▶ **Work instruction**:
Could you reproduce the lines below from the one with "y : Ln n) : bool" through the one with "Ln n) : Ln n"? Keep both ends and add nothing.
*** Opening of Provided information ***
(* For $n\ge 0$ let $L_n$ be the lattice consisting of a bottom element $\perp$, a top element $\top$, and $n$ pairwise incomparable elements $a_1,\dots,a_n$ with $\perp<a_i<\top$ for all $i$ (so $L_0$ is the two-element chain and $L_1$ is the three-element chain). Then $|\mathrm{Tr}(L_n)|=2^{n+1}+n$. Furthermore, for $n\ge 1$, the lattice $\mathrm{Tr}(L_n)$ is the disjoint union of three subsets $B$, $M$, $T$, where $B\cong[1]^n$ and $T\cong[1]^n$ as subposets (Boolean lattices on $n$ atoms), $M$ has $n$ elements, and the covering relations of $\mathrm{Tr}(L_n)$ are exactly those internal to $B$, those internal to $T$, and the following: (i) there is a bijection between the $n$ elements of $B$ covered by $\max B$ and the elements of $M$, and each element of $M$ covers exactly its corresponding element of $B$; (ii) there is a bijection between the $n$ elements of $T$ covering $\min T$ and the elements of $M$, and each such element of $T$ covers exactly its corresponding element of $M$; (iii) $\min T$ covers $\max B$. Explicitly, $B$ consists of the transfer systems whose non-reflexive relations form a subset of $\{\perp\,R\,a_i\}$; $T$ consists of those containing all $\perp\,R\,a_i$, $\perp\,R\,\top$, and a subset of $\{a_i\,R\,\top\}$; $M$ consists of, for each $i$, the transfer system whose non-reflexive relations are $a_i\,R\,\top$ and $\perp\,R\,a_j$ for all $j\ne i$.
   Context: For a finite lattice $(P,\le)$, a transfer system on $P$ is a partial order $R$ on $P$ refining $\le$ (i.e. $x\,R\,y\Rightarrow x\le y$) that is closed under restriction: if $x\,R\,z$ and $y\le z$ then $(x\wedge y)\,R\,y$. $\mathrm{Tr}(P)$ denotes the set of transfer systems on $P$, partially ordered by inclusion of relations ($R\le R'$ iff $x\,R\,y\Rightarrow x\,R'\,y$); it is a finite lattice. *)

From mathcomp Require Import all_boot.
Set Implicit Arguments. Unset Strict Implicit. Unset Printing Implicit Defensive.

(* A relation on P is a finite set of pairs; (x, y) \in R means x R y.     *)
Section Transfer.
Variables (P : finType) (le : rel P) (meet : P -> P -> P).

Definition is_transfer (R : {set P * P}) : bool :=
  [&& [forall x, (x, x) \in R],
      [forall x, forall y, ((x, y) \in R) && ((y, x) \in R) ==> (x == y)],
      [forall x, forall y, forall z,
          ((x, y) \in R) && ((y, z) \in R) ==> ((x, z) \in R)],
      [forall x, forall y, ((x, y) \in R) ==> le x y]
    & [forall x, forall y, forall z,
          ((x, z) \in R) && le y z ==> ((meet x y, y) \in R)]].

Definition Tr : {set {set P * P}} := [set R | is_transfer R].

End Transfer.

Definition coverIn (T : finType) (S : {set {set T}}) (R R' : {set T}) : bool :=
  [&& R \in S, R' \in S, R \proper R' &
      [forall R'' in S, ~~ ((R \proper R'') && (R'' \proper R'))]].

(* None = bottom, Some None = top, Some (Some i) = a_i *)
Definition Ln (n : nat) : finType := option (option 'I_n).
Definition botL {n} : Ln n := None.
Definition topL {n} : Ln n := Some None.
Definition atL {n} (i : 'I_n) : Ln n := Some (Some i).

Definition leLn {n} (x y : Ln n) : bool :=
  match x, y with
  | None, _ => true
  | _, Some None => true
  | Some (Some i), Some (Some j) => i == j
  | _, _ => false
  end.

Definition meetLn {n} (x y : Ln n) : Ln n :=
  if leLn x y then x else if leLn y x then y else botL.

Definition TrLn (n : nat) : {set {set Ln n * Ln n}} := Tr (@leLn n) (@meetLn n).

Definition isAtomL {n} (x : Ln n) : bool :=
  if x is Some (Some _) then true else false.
*** Close of Provided information ***
*** Opening of Provided information ***
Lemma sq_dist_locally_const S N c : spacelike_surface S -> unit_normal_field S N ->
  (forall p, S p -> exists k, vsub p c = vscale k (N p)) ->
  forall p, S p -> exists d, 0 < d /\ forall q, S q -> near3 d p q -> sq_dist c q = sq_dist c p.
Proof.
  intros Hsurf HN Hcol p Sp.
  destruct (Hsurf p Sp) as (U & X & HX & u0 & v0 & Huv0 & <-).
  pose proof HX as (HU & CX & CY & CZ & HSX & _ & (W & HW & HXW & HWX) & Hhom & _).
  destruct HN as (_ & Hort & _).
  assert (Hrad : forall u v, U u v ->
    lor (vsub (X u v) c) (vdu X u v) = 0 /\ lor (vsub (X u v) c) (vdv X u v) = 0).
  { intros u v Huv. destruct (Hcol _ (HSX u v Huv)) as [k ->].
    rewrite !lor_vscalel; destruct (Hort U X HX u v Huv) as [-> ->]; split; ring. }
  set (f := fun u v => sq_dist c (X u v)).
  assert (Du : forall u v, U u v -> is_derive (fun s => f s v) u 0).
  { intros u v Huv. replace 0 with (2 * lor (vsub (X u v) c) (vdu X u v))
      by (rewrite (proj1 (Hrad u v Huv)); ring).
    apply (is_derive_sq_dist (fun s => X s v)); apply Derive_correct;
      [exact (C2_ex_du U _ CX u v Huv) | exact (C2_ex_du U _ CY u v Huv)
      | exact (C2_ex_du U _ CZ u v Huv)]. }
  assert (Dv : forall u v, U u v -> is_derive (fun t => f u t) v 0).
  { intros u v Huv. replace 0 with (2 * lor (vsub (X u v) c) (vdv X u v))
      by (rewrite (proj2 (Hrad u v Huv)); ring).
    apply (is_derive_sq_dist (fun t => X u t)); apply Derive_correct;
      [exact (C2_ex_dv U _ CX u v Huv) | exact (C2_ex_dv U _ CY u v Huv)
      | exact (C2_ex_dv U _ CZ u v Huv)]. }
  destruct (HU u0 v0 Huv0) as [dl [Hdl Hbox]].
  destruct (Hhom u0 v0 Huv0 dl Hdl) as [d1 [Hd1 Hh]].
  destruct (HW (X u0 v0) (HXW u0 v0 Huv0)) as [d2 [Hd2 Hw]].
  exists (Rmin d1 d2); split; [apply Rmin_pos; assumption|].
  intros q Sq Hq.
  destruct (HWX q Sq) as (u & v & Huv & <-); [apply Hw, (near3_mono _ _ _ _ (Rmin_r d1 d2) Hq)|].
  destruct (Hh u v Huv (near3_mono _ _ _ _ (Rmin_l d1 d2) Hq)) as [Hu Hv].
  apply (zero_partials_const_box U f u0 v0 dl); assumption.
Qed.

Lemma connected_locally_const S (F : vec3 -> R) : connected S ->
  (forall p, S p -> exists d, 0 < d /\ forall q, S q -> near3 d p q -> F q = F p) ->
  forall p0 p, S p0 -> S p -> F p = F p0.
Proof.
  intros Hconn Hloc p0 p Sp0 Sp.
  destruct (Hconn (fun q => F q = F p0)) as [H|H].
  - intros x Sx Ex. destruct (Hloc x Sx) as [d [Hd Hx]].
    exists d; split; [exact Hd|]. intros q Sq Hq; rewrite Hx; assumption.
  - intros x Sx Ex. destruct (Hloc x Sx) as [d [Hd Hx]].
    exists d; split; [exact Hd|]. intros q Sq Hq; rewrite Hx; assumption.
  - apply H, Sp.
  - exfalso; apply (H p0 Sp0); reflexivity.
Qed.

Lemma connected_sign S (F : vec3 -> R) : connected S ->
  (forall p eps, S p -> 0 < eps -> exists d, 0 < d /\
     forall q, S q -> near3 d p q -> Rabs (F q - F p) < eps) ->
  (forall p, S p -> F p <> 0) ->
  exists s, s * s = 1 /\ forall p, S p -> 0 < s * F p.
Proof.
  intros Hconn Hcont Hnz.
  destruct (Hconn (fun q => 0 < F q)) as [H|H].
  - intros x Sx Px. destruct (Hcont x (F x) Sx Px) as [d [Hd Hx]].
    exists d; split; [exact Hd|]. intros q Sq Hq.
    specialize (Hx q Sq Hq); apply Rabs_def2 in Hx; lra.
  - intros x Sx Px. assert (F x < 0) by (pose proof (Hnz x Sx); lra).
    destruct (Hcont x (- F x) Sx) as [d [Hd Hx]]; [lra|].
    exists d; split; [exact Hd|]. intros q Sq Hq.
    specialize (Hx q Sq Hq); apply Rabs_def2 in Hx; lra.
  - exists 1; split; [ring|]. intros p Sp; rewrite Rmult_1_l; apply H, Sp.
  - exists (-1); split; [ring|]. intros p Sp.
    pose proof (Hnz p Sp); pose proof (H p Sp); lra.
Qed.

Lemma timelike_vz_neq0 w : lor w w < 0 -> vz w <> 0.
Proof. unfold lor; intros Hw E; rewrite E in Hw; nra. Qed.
*** Close of Provided information ***
▶ **Response to the task**:
Definition leLn {n} (x y : Ln n) : bool :=
  match x, y with
  | None, _ => true
  | _, Some None => true
  | Some (Some i), Some (Some j) => i == j
  | _, _ => false
  end.

Definition meetLn {n} (x y : Ln n) : Ln n :=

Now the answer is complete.